## REQUIREMENT
Which lines of the entries below contain the string "have"? Copy each one.
--- START ---
Lemma dual_fib_disjoint phi k l1 l2 : monotone phi -> k < b.+1 -> l1 <= a -> l2 <= a ->
  k \in dual_fib phi l1 -> k \in dual_fib phi l2 -> l1 = l2.
Proof.
move=> hm hk h1 h2.
wlog lt12 : l1 l2 h1 h2 / l1 < l2.
  move=> W; case: (ltngtP l1 l2) => [lt|gt|->] // m1 m2; first exact: W.
  by symmetry; apply: W.
rewrite !mem_dual_fib //; case: eqP => [e1|ne1]; case: eqP => [e2|ne2]; try lia.
  move=> A /andP [B C].
  have := monotone_inord hm (leq0n l2.-1) (leq_trans (leq_pred _) h2).
  have := monotone_inord hm h2 (leqnn a); lia.
move=> /andP [A B] /andP [C D].
have := @monotone_inord _ _ phi l1 l2.-1 hm ltac:(lia) ltac:(lia); lia.
Qed.

End DualFibres.

(* The index of the dual fibre containing k: the least l with k <= phi l, or 0
   if k exceeds every phi l (then k lies in the wrap-around fibre over 0). *)
Definition dual_index a b (phi : {ffun 'I_a.+1 -> 'I_b.+1}) (k : nat) : nat :=
  let l := find (fun l => k <= phi (inord l)) (iota 0 a.+1) in
  if l == a.+1 then 0 else l.

Definition IFdual a b (phi : {ffun 'I_a.+1 -> 'I_b.+1}) : IFhom b a :=
  IFHom [ffun k : 'I_b.+1 => inord (dual_index phi k)]
        [ffun l : 'I_a.+1 => map inord (dual_fib phi l)] [ffun _ => false].

Definition fib_preim n m (f : IFhom n m) :=
  forall i j, (j \in iffib f i) = (ifmap f j == i).
(* For the two-state-service-rate queue described in the context, assumed positive recurrent and with $\gamma>0$, one has $$\lim_{n\to\infty}\frac{\pi_n^a}{\pi_n^b}=\eta:=\frac{1}{2\lambda}\Bigl(\sqrt{\Delta}+\gamma-\lambda+\mu_b-\mu_a\Bigr),\qquad \Delta=(\lambda-\gamma+\mu_a-\mu_b)^2+4\lambda\gamma,$$ and consequently the effective service rate $\frac{\mu_a\pi_n^a+\mu_b\pi_n^b}{\pi_n}$ converges as $n\to\infty$ to $\mu^\infty=\mu_b+\frac{\eta}{1+\eta}(\mu_a-\mu_b)$.
   Context: Two-state-service-rate queue. Fix parameters $\lambda_a,\lambda_b>0$, $\delta>0$, $\gamma\ge0$, $\mu_a,\mu_b>0$. Set $\lambda=\lambda_a+\lambda_b$, $r=\lambda/(\lambda+\delta)$, and for $n\ge1$, $p_n=\frac{\lambda_a}{\lambda}r^n$ and $\bar p_n=1-p_n$. Consider the continuous-time Markov chain on the state space $\{0\}\cup\{(n,a),(n,b):n\ge1\}$ with the following transitions: from $0$ to $(1,a)$ at rate $\lambda_a$ and to $(1,b)$ at rate $\lambda_b$; for $n\ge1$ and $c\in\{a,b\}$, from $(n,c)$ to $(n+1,c)$ at rate $\lambda$; from $(1,c)$ to $0$ at rate $\mu_c$; for $n\ge1$ and $c\in\{a,b\}$, from $(n+1,c)$ to $(n,a)$ at rate $\mu_c p_n$ and to $(n,b)$ at rate $\mu_c\bar p_n$; for $n\ge1$, from $(n,b)$ to $(n,a)$ at rate $\gamma$. When the chain is positive recurrent, $\pi$ denotes its stationary distribution and $\pi_0=\pi(0)$, $\pi_n^a=\pi((n,a))$, $\pi_n^b=\pi((n,b))$, $\pi_n=\pi_n^a+\pi_n^b$ for $n\ge1$. *)

From Stdlib Require Import Reals Arith.
Open Scope R_scope.

(* States of the chain: [S0] is state 0, [Sa k] is (k+1, a), [Sb k] is (k+1, b). *)
Inductive state : Type := S0 | Sa (k : nat) | Sb (k : nat).

(* enumeration of the (countable) state space: 0, (1,a), (1,b), (2,a), ... *)
Definition enum_state (m : nat) : state :=
  match m with
  | O => S0
  | S m' => if Nat.even m' then Sa (Nat.div2 m') else Sb (Nat.div2 m')
  end.

Definition p_n (la lb delta : R) (n : nat) : R :=
  let lam := la + lb in (la / lam) * (lam / (lam + delta)) ^ n.

(* transition rate q(i,j) for i <> j (and 0 on the diagonal) *)
Definition rate (la lb delta gamma mua mub : R) (i j : state) : R :=
  let lam := la + lb in
  let p := p_n la lb delta in
  match i, j with
  | S0, Sa O => la
  | S0, Sb O => lb
  | Sa O, S0 => mua
  | Sb O, S0 => mub
  | Sa k, Sa k' =>
      if Nat.eqb k' (S k) then lam
      else if Nat.eqb k (S k') then mua * p (S k') else 0
  | Sa k, Sb k' =>
      if Nat.eqb k (S k') then mua * (1 - p (S k')) else 0
  | Sb k, Sb k' =>
      if Nat.eqb k' (S k) then lam
      else if Nat.eqb k (S k') then mub * (1 - p (S k')) else 0
  | Sb k, Sa k' =>
      if Nat.eqb k (S k') then mub * p (S k')
      else if Nat.eqb k k' then gamma else 0
  | _, _ => 0
  end.

(* pi is a stationary (probability) distribution of the CTMC with rates q:
   pi >= 0, sum pi = 1, and global balance pi Q = 0, i.e. for every state j,
   sum_i pi(i) q(i,j) = pi(j) q(j) where q(j) = sum_k q(j,k) is the exit rate. *)
Definition stationary_dist (q : state -> state -> R) (pi : state -> R) : Prop :=
  (forall s, 0 <= pi s) /\
  infinite_sum (fun m => pi (enum_state m)) 1 /\
  (forall j, exists qj,
      infinite_sum (fun m => q j (enum_state m)) qj /\
      infinite_sum (fun m => pi (enum_state m) * q (enum_state m) j) (pi j * qj)).

From Stdlib Require Import Reals Lra Psatz Lia List Arith.
Import ListNotations.
Open Scope R_scope.

(* 1. Every state has finitely many neighbours, so the global balance
      equations (infinite series over the enumeration of the states) reduce
      to finite sums; we extract the balance equation at each state.
   2. Adding the two balance equations of a level gives the cut equation
      mu_a pi(n+1,a) + mu_b pi(n+1,b) = lambda pi_n.  With it, the balance
      equations of level n form a 2x2 linear system whose right-hand side is
      the arrival flow from level n-1; solving it shows that all pi(n,c) are
      positive and that t_n = pi(n,a)/pi(n,b) obeys t_(n+1) = f_(p)(t_n) for an
      explicit Moebius map [ratio_map] with p = p_(n+2) -> 0.
   3. For p = 0 the map contracts [0,oo) towards its positive fixed point
      eta, and f_p - f_0 = O(p); a contraction with vanishing perturbation
      forces t_n -> eta.
   4. The effective service rate is a continuous function of t_n. *)

Definition state_index (s : state) : nat :=
  match s with S0 => 0 | Sa k => S (2 * k) | Sb k => S (S (2 * k)) end.

Lemma enum_state_index (s : state) : enum_state (state_index s) = s.
Proof.
  destruct s as [|k|k]; cbn -[Nat.mul Nat.even Nat.div2]; [reflexivity | |].
  - rewrite Nat.even_mul. cbn -[Nat.mul Nat.div2]. now rewrite Nat.div2_double.
  - rewrite Nat.even_succ, Nat.odd_mul. cbn -[Nat.mul Nat.div2].
    now rewrite Nat.div2_succ_double.
Qed.

Lemma state_index_enum (m : nat) : state_index (enum_state m) = m.
Proof.
  destruct m as [|m]; [reflexivity|]. simpl.
  destruct (Nat.even m) eqn:E; simpl.
  - apply Nat.even_spec in E as [j ->]. rewrite Nat.div2_double. lia.
  - assert (Hodd : Nat.odd m = true) by (rewrite <- Nat.negb_even, E; reflexivity).
    apply Nat.odd_spec in Hodd as [j ->].
    replace (2 * j + 1)%nat with (S (2 * j)) by lia.
    rewrite Nat.div2_succ_double. lia.
Qed.

Definition state_eq_dec (s t : state) : {s = t} + {s <> t}.
Proof. decide equality; apply Nat.eq_dec. Defined.

Lemma Un_cv_const (c : R) : Un_cv (fun _ => c) c.
Proof.
  intros eps Heps. exists 0%nat. intros n _. unfold Rdist.
  rewrite Rminus_diag, Rabs_R0. lra.
Qed.

Lemma infinite_sum_ext (f g : nat -> R) (l : R) :
  (forall m, f m = g m) -> infinite_sum f l -> infinite_sum g l.
Proof.
  intros E H. apply (Un_cv_ext (sum_f_R0 f)); [|exact H].
  intro n. apply sum_eq. intros m _. apply E.
Qed.

Lemma infinite_sum_plus (f g : nat -> R) (a b : R) :
  infinite_sum f a -> infinite_sum g b -> infinite_sum (fun m => f m + g m) (a + b).
Proof.
  intros Hf Hg. apply (Un_cv_ext (fun n => sum_f_R0 f n + sum_f_R0 g n)).
  - intro n. symmetry. apply sum_plus.
  - exact (CV_plus _ _ _ _ Hf Hg).
Qed.

Lemma sum_f_R0_single (i : nat) (c : R) (n : nat) :
  sum_f_R0 (fun m => if Nat.eq_dec m i then c else 0) n =
  if le_lt_dec i n then c else 0.
Proof.
  induction n as [|n IH]; cbn [sum_f_R0].
  - destruct (Nat.eq_dec 0 i), (le_lt_dec i 0); try lia; reflexivity.
  - rewrite IH. destruct (Nat.eq_dec (S n) i), (le_lt_dec i n), (le_lt_dec i (S n));
      try lia; ring.
Qed.

Lemma infinite_sum_single (s0 : state) (c : R) :
  infinite_sum (fun m => if state_eq_dec (enum_state m) s0 then c else 0) c.
Proof.
  assert (E : forall m, (if Nat.eq_dec m (state_index s0) then c else 0) =
                        (if state_eq_dec (enum_state m) s0 then c else 0)).
  { intro m. destruct (Nat.eq_dec m _) as [->|Hm], (state_eq_dec _ s0) as [Hs|Hs];
      try reflexivity.
    - now rewrite enum_state_index in Hs.
    - now rewrite <- Hs, state_index_enum in Hm. }
  apply (infinite_sum_ext _ _ _ E).
  intros eps Heps. exists (state_index s0). intros n Hn.
  rewrite sum_f_R0_single. destruct (le_lt_dec _ n); [|lia].
  unfold Rdist. rewrite Rminus_diag, Rabs_R0. lra.
Qed.

Fixpoint lsum (F : state -> R) (L : list state) : R :=
  match L with [] => 0 | s :: L' => F s + lsum F L' end.

Lemma lsum_ext (F G : state -> R) (L : list state) :
  (forall s, In s L -> F s = G s) -> lsum F L = lsum G L.
Proof.
  induction L as [|s L IH]; simpl; intros E; [reflexivity|].
  rewrite E, IH by auto. reflexivity.
Qed.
--- END ---
## SOLUTION BELOW
  have := monotone_inord hm (leq0n l2.-1) (leq_trans (leq_pred _) h2).
  have := monotone_inord hm h2 (leqnn a); lia.
have := @monotone_inord _ _ phi l1 l2.-1 hm ltac:(lia) ltac:(lia); lia.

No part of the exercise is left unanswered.